Extended Families A family that includes relatives other than parents and their children. Ex: Grandparents, aunts, uncles, and cousins Some extended families live in the same household but most live in a different house.
Adoptive Families A family with a child who was made part of the family through legal action, which makes the child a permanent part of the family. The child is not born to the parents, but has the same rights that a child born into the family has.
Foster Families A family that takes care of children on a short-term basis. The children are not related to the foster parents. Some foster children are waiting to be adopted. Other foster children need a place to live until the problems of their birth parents are resolved.
Get out a sheet of paper Number to 10
1. What is the difference between adoptive families and foster families?
2. Give two examples of extended family members. 3. Who makes up the nuclear family? 4. What is a couple? 5. What family structure is it when one parent raises the children. 6. For the family structure in number 5 give an example of why there is only one parent.
7. Describe a blended family.
8. True or False: Once adopted a child is a permanent part of the family. 9. True or False: Just children in a blended family have to adjust to new routines and relationships. 10. Describe your family structure and tell why it is that particular structure.
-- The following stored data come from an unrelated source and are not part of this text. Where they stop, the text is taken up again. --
Definition dotp (u v : vec) : R := \sum_i u i 0 * v i 0.
Definition enorm (v : vec) : R := Num.sqrt (dotp v v).

Definition snorm (B : mat) : R :=
  sup [set enorm (B *m v) | v in [set v : vec | enorm v <= 1]].

Definition grad (f : vec -> R) (x : vec) : vec :=
  \col_i ('d f x (delta_mx i 0 : vec)).

Definition cont_diff (f : vec -> R) : Prop :=
  (forall x, differentiable f x) /\ continuous (grad f).

Definition eproper (g : vec -> \bar R) : Prop :=
  (forall y, g y != -oo%E) /\ (exists y, g y != +oo%E).

Definition elsc (g : vec -> \bar R) : Prop :=
  forall y (a : R), (a%:E < g y)%E -> \forall z \near y, (a%:E < g z)%E.

Definition prox_bounded_at (g : vec -> \bar R) (nu : R) : Prop :=
  0 < nu /\ exists x : vec,
    (-oo < ereal_inf [set (g y + ((2 * nu)^-1 * enorm (y - x) ^+ 2)%:E)%E
                     | y in [set: vec]])%E.

Definition prox_bounded (g : vec -> \bar R) : Prop :=
  exists nu, prox_bounded_at g nu.

Definition prox_threshold (g : vec -> \bar R) : \bar R :=
  ereal_sup [set nu%:E | nu in prox_bounded_at g].

Definition frechet_subgrad (g : vec -> \bar R) (x v : vec) : Prop :=
  g x \is a fin_num /\
  forall eps : R, 0 < eps -> \forall z \near x,
    (g x + (dotp v (z - x) - eps * enorm (z - x))%:E <= g z)%E.

Definition lim_subdiff (g : vec -> \bar R) (x : vec) : set vec :=
  [set v | g x \is a fin_num /\
     exists (xs vs : nat -> vec),
       xs @ \oo --> x /\ (fun k => g (xs k)) @ \oo --> g x /\
       (forall k, frechet_subgrad g (xs k) (vs k)) /\ vs @ \oo --> v].

Definition phi (f : vec -> R) (B : vec -> mat) (x s : vec) : R :=
  f x + dotp (grad f x) s + 2^-1 * dotp s (B x *m s).

Definition mR2N (f : vec -> R) (B : vec -> mat) (psi : vec -> vec -> \bar R)
  (sigma : R) (x s : vec) : \bar R :=
  ((phi f B x s + 2^-1 * sigma * enorm s ^+ 2)%:E + psi x s)%E.

Definition phi_cp (f : vec -> R) (x s : vec) : R := f x + dotp (grad f x) s.

Definition m_cp (f : vec -> R) (psi : vec -> vec -> \bar R)
  (nuinv : R) (x s : vec) : \bar R :=
  ((phi_cp f x s + 2^-1 * nuinv * enorm s ^+ 2)%:E + psi x s)%E.

Definition P_cp (f : vec -> R) (psi : vec -> vec -> \bar R) (nuinv : R) (x : vec)
  : set vec := [set s | forall t, (m_cp f psi nuinv x s <= m_cp f psi nuinv x t)%E].

Definition xi_cp (f : vec -> R) (h : vec -> \bar R) (psi : vec -> vec -> \bar R)
  (x scp : vec) : \bar R :=
  ((f x)%:E + h x - ((phi_cp f x scp)%:E + psi x scp))%E.

(* division in the ratio rho_k, with the conventions
   (+-oo) * 0 = 0 and (+-oo)/(+-oo) = 0 (hence a/(+-oo) = 0) *)
Definition rdiv (a b : \bar R) : \bar R :=
  match b with
  | r%:E => (a * (r^-1)%:E)%E
  | _ => 0%E
  end.

Definition rho (f : vec -> R) (h : vec -> \bar R) (B : vec -> mat)
  (psi : vec -> vec -> \bar R) (x s : vec) : \bar R :=
  rdiv ((f x)%:E + h x - ((f (x + s)%R)%:E + h (x + s)%R))%E
       ((phi f B x 0%R)%:E + psi x 0%R - ((phi f B x s)%:E + psi x s))%E.

Definition rk (Bs : nat -> mat) (k : nat) : R :=
  \big[Num.max/0]_(j < k.+1) snorm (Bs j) + 1.

(* Square root on extended reals (only applied to nonnegative values) *)
Definition esqrt (a : \bar R) : \bar R :=
  match a with
  | r%:E => (Num.sqrt r)%:E
  | +oo%E => +oo%E
  | -oo%E => 0%E
  end.

End Defs.

(* After the last successful iteration the iterate is frozen at some x*, and every
   later iteration multiplies sigma_k by at least gamma1 > 1, so sigma_k -> +oo and
   nu_k -> 0.  Suppose nu_k^(-1/2) xi_cp^(1/2) stayed above eps > 0.  Prox-boundedness
   of psi(x*; .) gives ||s_cp||^2 = O(nu_k), so the steps become small.  On small
   steps Taylor's formula and (MA3) bound the gap between the actual and the
   predicted decrease by o(||s||) + O(||s||^2), whereas the Cauchy decrease bounds the
   predicted decrease below by a multiple of xi_cp > eps^2 nu_k.  Hence rho_k >= eta1
   once sigma_k is large, contradicting that iteration k is unsuccessful. *)

From HB Require Import structures.
From mathcomp Require Import all_boot all_order all_algebra.
From mathcomp Require Import all_classical all_reals all_analysis.
From mathcomp Require Import ring lra finmap.
Import Order.TTheory GRing.Theory Num.Theory.
Import numFieldNormedType.Exports.
Local Open Scope classical_set_scope.
Local Open Scope ring_scope.

Section EuclideanNorm.
Context {R : realType} {n : nat}.
Implicit Types (v y z : 'cV[R]_n) (M : 'M[R]_n).

Lemma dotp0r v : dotp v 0 = 0.
Proof. by rewrite /dotp big1 // => i _; rewrite mxE mulr0. Qed.

Lemma dotp0l v : dotp 0 v = 0.
Proof. by rewrite /dotp big1 // => i _; rewrite mxE mul0r. Qed.

Lemma dotp_ge0 v : 0 <= dotp v v.
Proof. by apply: sumr_ge0 => i _; rewrite -expr2 sqr_ge0. Qed.

Lemma sqr_le_dotp v i : v i 0 ^+ 2 <= dotp v v.
Proof.
rewrite /dotp (bigD1 i) //= -expr2 lerDl.
by apply: sumr_ge0 => j _; rewrite -expr2 sqr_ge0.
Qed.

Lemma enorm_ge0 v : 0 <= enorm v.
Proof. exact: sqrtr_ge0. Qed.

Lemma enorm_sqr v : enorm v ^+ 2 = dotp v v.
Proof. by rewrite /enorm sqr_sqrtr // dotp_ge0. Qed.

Lemma enorm0 : enorm (0 : 'cV[R]_n) = 0.
Proof. by rewrite /enorm dotp0r sqrtr0. Qed.

Lemma enorm_eq0 v : enorm v = 0 -> v = 0.
Proof.
move=> v0; have /eqP : dotp v v = 0 by rewrite -enorm_sqr v0 expr0n.
rewrite psumr_eq0 => [/allP vi0|i _]; last by rewrite -expr2 sqr_ge0.
apply/matrixP => i j; rewrite (ord1 j) mxE.
by apply/eqP; rewrite -sqrf_eq0 expr2; apply: (implyP (vi0 i (mem_index_enum i))).
Qed.

Lemma mxnorm_le_enorm v : `|v| <= enorm v.
Proof.
rewrite (_ : `|v| = mx_norm v) // mx_normrE; apply: bigmax_le => [|[i j] _]; first exact: enorm_ge0.
rewrite /= (ord1 j) -(@ler_pXn2r _ 2) //= ?nnegrE ?enorm_ge0 //.
by rewrite enorm_sqr real_normK ?num_real // sqr_le_dotp.
Qed.

Lemma dotp_subr_le y z : dotp (y - z) (y - z) <= 2 * dotp y y + 2 * dotp z z.
Proof.
rewrite /dotp !mulr_sumr -big_split /=; apply: ler_sum => i _.
rewrite !mxE; have := sqr_ge0 (y i 0 + z i 0); rewrite -!expr2; nra.
Qed.

Lemma dotp_ge_sqr_div4 y z : - dotp y z <= dotp z z + dotp y y / 4.
Proof.
rewrite /dotp -sumrN mulr_suml -big_split /=; apply: ler_sum => i _.
have := sqr_ge0 (z i 0 + y i 0 / 2); rewrite -!expr2; nra.
Qed.

(* A crude bound on the spectral norm; it suffices since sigma_k eventually dominates it. *)
Definition sum_abs_entries M : R := \sum_i \sum_j `|M i j|.

Lemma sum_abs_entries_ge0 M : 0 <= sum_abs_entries M.
Proof. by apply: sumr_ge0 => i _; apply: sumr_ge0. Qed.

Lemma abs_quad_le M v : `|dotp v (M *m v)| <= sum_abs_entries M * dotp v v.
Proof.
rewrite /dotp /sum_abs_entries mulr_suml; apply: le_trans (ler_norm_sum _ _ _) _.
apply: ler_sum => i _; rewrite mxE mulr_sumr mulr_suml.
apply: le_trans (ler_norm_sum _ _ _) _; apply: ler_sum => j _.
rewrite !normrM mulrCA ler_wpM2l // -[\sum_(k < n) _]/(dotp v v).
have := sqr_le_dotp v i; have := sqr_le_dotp v j.
have := sqr_ge0 (`|v i 0| - `|v j 0|).
rewrite -[v i 0 ^+ 2]real_normK ?num_real // -[v j 0 ^+ 2]real_normK ?num_real //.
nra.
Qed.

End EuclideanNorm.

Lemma grad_dotp (R : realType) n (f : 'cV[R]_n -> R) x s :
  dotp (grad f x) s = 'd f x s.
Proof.
rewrite {2}(matrix_sum_delta s) linear_sum /dotp.
by apply: eq_bigr => i _; rewrite big_ord1 linearZ /= mxE mulrC (ord1 (0 : 'I_1)).
Qed.

Lemma diff_remainder_le {R : realType} {V W : normedModType R} {f : V -> W} {x : V} :
  differentiable f x -> forall e : R, 0 < e -> exists2 d : R, 0 < d &
  forall s, `|s| < d -> `|f (x + s) - f x - 'd f x s| <= e * `|s|.
Proof.
move=> /diff_locally fx e e0; have /nbhs_norm0P [d d0 Hd] := eqadd_some_oP fx e0.
exists d => // s /Hd /=; rewrite addrC !fctE /=.
by rewrite opprD addrC (addrC s) addrA.
Qed.

Lemma littleo_right_le {R : realType} {omega : R -> R} :
  (fun t => omega t / t) @ 0^'+ --> 0 ->
  forall e : R, 0 < e -> exists2 d : R, 0 < d & forall t, 0 < t -> t < d -> omega t <= e * t.
Proof.
move=> om_o e e0; have /(_ (at_right_proper_filter _)) := cvgr_dist_lt _ _ om_o _ e0.
rewrite near_withinE => /nbhs_norm0P [d d0 Hd]; exists d => // t t0 td.
have := Hd t; rewrite /= sub0r normrN gtr0_norm // => /(_ td t0).
by move/(le_lt_trans (ler_norm _)); rewrite ltr_pdivrMr // mulrC => /ltW.
Qed.

Lemma fin_of_close {R : realType} {a : \bar R} {p om : R} :
  (a <= p%:E + om%:E)%E -> (p%:E <= a + om%:E)%E ->
  exists2 r : R, a = r%:E & `|r - p| <= om.
Proof.
case: a => [r| |] //=; rewrite -?EFinD !lee_fin => rp pr.
by exists r => //; rewrite ler_norml; apply/andP; split; lra.
Qed.

Lemma esqrt_ge0 {R : realType} (a : \bar R) : (0 <= esqrt a)%E.
Proof. by case: a => //= r; rewrite lee_fin sqrtr_ge0. Qed.

Lemma ratio_ge_of_small_error {R : realFieldType} {eta th2 eps e1 kap C w xi D N S q : R} :
  eta < 1 -> 0 < kap -> 0 < th2 -> 0 < eps -> 0 < w -> 0 <= C -> 0 <= S -> 0 <= q ->
  kap * xi <= (1 - eta) * D -> w * q <= 2 * xi -> S ^+ 2 <= th2 ^+ 2 * q ->
  eps ^+ 2 < w * xi -> 4 * C * th2 ^+ 2 <= kap * w -> 8 * th2 * e1 <= kap * eps ->
  `|N - D| <= 2 * e1 * S + C * S ^+ 2 / 2 ->
  0 < D /\ eta * D <= N.
Proof.
move=> eta_lt1 kap0 th20 eps0 w0 C0 S0 q0 dec cauchy Sq far Cw e1eps err.
have xi0 : 0 < xi by nra.
have quad_err : C * S ^+ 2 / 2 <= kap * xi / 4.
  have : C * S ^+ 2 <= C * (th2 ^+ 2 * q) by rewrite ler_wpM2l.
  have : 4 * C * th2 ^+ 2 * q <= kap * w * q by rewrite ler_wpM2r.
  nra.
(* S^2 <= th2^2 q <= 2 th2^2 xi / w < 2 th2^2 xi^2 / eps^2 *)
have epsS : eps * S <= 2 * th2 * xi.
  have [epsS0 xi20] : 0 <= eps * S /\ 0 <= 2 * th2 * xi by split; nra.
  rewrite -(@ler_pXn2r _ 2) ?nnegrE //.
  have h1 : eps ^+ 2 * S ^+ 2 <= eps ^+ 2 * (th2 ^+ 2 * q) by rewrite ler_wpM2l ?sqr_ge0.
  have h2 : eps ^+ 2 * q <= w * xi * q by rewrite ler_wpM2r // ltW.
  have h3 : xi * (w * q) <= xi * (2 * xi) by rewrite ler_wpM2l // ltW.
  have h4 : th2 ^+ 2 * (eps ^+ 2 * q) <= th2 ^+ 2 * (2 * xi * xi).
    by rewrite ler_wpM2l ?sqr_ge0 //; lra.
  have := sqr_ge0 (th2 * xi); rewrite !exprMn; lra.
have lin_err : 2 * e1 * S <= kap * xi / 2.
  have : 8 * th2 * e1 * S <= kap * eps * S by rewrite ler_wpM2r.
  nra.
have kapxi0 : 0 < kap * xi by rewrite mulr_gt0.
split; first by rewrite -(@pmulr_rgt0 _ (1 - eta)) ?subr_gt0; lra.
by move: err; rewrite ler_norml => /andP[+ _]; lra.
Qed.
The Family Life Cycle Take out one sheet of paper. Wait for instructions on how to set your paper up for your comic strip.
1. Beginning Stage Begins with a couple. The couple’s major tasks include: setting up a home, setting goals for the future, and learning to act as a team.
2. Parenting Stage New members (children) are added to the family. Parents spend most of their time caring for the needs of their children leaving little time for themselves as a couple.
3. Launching Stage Teens and young adults begin to leave the family. They assume their own work and household responsibilities.
4. Middle Years Stage Allows parents to focus on being a couple once more. Couples have more time on their own to enjoy hobbies, community activities, and volunteer work.
5. Retirement Stage At this stage most people retire from a job. This stage is when people have time to reflect on the past and share with others what they have learned over their lifetime. Most older people stay active with children and grandchildren during this stage.
Journal Entry: You are to work quietly on your journal entry. Ms. Price will give you a writing assignment (55) if you aren’t working. Journal Topic: Write at least a one page letter. You are a parent and you are writing to your teenage son or daughter about an issue they may be having. Let them know how much you care about them and they can talk to you. If time allows you may share your letters.